## Your task:
Within the entries below, the lines from the one with "Variables (V : finType) (A : rel V)." through the one with "move: cyc; rewrite" are to be set down exactly, both ends kept.

*** Opening Records for the exercise ***

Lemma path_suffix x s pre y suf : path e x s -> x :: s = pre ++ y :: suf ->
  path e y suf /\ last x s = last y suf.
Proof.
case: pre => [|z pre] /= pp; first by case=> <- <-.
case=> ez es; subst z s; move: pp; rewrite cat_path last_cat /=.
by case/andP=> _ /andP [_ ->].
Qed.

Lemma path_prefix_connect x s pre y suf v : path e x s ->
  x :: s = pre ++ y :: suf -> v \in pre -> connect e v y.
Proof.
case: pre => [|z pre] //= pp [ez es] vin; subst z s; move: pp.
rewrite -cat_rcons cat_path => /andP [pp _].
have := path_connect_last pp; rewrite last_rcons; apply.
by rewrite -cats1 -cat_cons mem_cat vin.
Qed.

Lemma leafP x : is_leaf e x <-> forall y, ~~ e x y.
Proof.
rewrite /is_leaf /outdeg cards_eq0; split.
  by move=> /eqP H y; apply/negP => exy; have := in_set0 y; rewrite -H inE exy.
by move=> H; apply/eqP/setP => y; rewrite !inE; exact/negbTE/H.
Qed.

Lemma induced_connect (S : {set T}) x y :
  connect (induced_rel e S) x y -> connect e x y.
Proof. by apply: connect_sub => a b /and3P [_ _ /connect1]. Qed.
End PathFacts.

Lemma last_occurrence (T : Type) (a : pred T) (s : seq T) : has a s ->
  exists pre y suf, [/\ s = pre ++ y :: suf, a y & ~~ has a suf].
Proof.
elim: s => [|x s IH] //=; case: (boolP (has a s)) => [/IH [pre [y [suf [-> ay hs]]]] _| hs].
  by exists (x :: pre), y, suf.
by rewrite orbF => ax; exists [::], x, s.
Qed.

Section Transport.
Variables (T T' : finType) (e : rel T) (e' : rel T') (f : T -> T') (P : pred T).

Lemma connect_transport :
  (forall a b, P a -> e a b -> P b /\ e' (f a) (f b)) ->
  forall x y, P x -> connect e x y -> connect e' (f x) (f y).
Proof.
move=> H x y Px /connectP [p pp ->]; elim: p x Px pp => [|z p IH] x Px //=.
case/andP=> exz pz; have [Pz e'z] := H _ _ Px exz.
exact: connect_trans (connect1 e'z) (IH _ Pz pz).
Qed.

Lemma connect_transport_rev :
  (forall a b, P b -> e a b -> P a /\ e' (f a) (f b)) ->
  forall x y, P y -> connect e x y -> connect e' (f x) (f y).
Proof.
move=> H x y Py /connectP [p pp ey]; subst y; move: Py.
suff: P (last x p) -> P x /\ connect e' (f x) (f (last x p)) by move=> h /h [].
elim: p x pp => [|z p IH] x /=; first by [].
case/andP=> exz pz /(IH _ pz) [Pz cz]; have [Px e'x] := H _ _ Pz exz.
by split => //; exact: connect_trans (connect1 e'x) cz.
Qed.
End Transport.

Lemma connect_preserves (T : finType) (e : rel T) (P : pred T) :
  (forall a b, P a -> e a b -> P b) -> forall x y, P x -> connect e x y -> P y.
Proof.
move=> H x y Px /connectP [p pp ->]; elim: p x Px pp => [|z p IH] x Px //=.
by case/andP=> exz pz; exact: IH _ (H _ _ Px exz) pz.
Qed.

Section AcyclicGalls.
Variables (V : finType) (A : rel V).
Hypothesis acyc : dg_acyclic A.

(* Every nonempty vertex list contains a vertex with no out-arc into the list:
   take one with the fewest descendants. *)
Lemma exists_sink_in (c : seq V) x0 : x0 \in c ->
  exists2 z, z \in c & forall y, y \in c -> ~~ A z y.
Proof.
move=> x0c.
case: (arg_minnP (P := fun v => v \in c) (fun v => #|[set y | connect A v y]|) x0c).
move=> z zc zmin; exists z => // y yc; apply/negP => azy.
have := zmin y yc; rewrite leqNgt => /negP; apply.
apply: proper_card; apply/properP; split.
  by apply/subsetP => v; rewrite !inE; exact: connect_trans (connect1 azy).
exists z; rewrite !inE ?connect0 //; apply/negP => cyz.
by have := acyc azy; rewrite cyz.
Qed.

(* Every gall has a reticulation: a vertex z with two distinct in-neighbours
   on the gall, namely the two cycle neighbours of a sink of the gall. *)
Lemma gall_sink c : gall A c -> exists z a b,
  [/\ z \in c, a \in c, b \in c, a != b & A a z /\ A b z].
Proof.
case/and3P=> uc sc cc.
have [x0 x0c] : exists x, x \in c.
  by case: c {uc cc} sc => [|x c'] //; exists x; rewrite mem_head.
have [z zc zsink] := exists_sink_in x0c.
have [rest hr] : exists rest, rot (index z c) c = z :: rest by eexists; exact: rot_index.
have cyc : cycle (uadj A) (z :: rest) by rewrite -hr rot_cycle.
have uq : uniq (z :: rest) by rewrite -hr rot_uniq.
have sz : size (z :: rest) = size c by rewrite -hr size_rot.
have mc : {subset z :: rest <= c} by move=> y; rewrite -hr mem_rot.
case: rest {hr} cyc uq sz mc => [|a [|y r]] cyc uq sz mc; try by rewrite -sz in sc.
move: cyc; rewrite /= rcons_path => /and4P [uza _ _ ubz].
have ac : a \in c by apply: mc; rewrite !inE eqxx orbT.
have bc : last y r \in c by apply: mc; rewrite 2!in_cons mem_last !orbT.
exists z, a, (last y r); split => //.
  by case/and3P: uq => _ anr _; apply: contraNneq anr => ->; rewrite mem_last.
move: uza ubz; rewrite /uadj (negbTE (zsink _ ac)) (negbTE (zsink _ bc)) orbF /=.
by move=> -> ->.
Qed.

*** Closing Records for the exercise ***

## Response area:
Variables (V : finType) (A : rel V).
Hypothesis acyc : dg_acyclic A.

(* Every nonempty vertex list contains a vertex with no out-arc into the list:
   take one with the fewest descendants. *)
Lemma exists_sink_in (c : seq V) x0 : x0 \in c ->
  exists2 z, z \in c & forall y, y \in c -> ~~ A z y.
Proof.
move=> x0c.
case: (arg_minnP (P := fun v => v \in c) (fun v => #|[set y | connect A v y]|) x0c).
move=> z zc zmin; exists z => // y yc; apply/negP => azy.
have := zmin y yc; rewrite leqNgt => /negP; apply.
apply: proper_card; apply/properP; split.
  by apply/subsetP => v; rewrite !inE; exact: connect_trans (connect1 azy).
exists z; rewrite !inE ?connect0 //; apply/negP => cyz.
by have := acyc azy; rewrite cyz.
Qed.

(* Every gall has a reticulation: a vertex z with two distinct in-neighbours
   on the gall, namely the two cycle neighbours of a sink of the gall. *)
Lemma gall_sink c : gall A c -> exists z a b,
  [/\ z \in c, a \in c, b \in c, a != b & A a z /\ A b z].
Proof.
case/and3P=> uc sc cc.
have [x0 x0c] : exists x, x \in c.
  by case: c {uc cc} sc => [|x c'] //; exists x; rewrite mem_head.
have [z zc zsink] := exists_sink_in x0c.
have [rest hr] : exists rest, rot (index z c) c = z :: rest by eexists; exact: rot_index.
have cyc : cycle (uadj A) (z :: rest) by rewrite -hr rot_cycle.
have uq : uniq (z :: rest) by rewrite -hr rot_uniq.
have sz : size (z :: rest) = size c by rewrite -hr size_rot.
have mc : {subset z :: rest <= c} by move=> y; rewrite -hr mem_rot.
case: rest {hr} cyc uq sz mc => [|a [|y r]] cyc uq sz mc; try by rewrite -sz in sc.
move: cyc; rewrite /= rcons_path => /and4P [uza _ _ ubz].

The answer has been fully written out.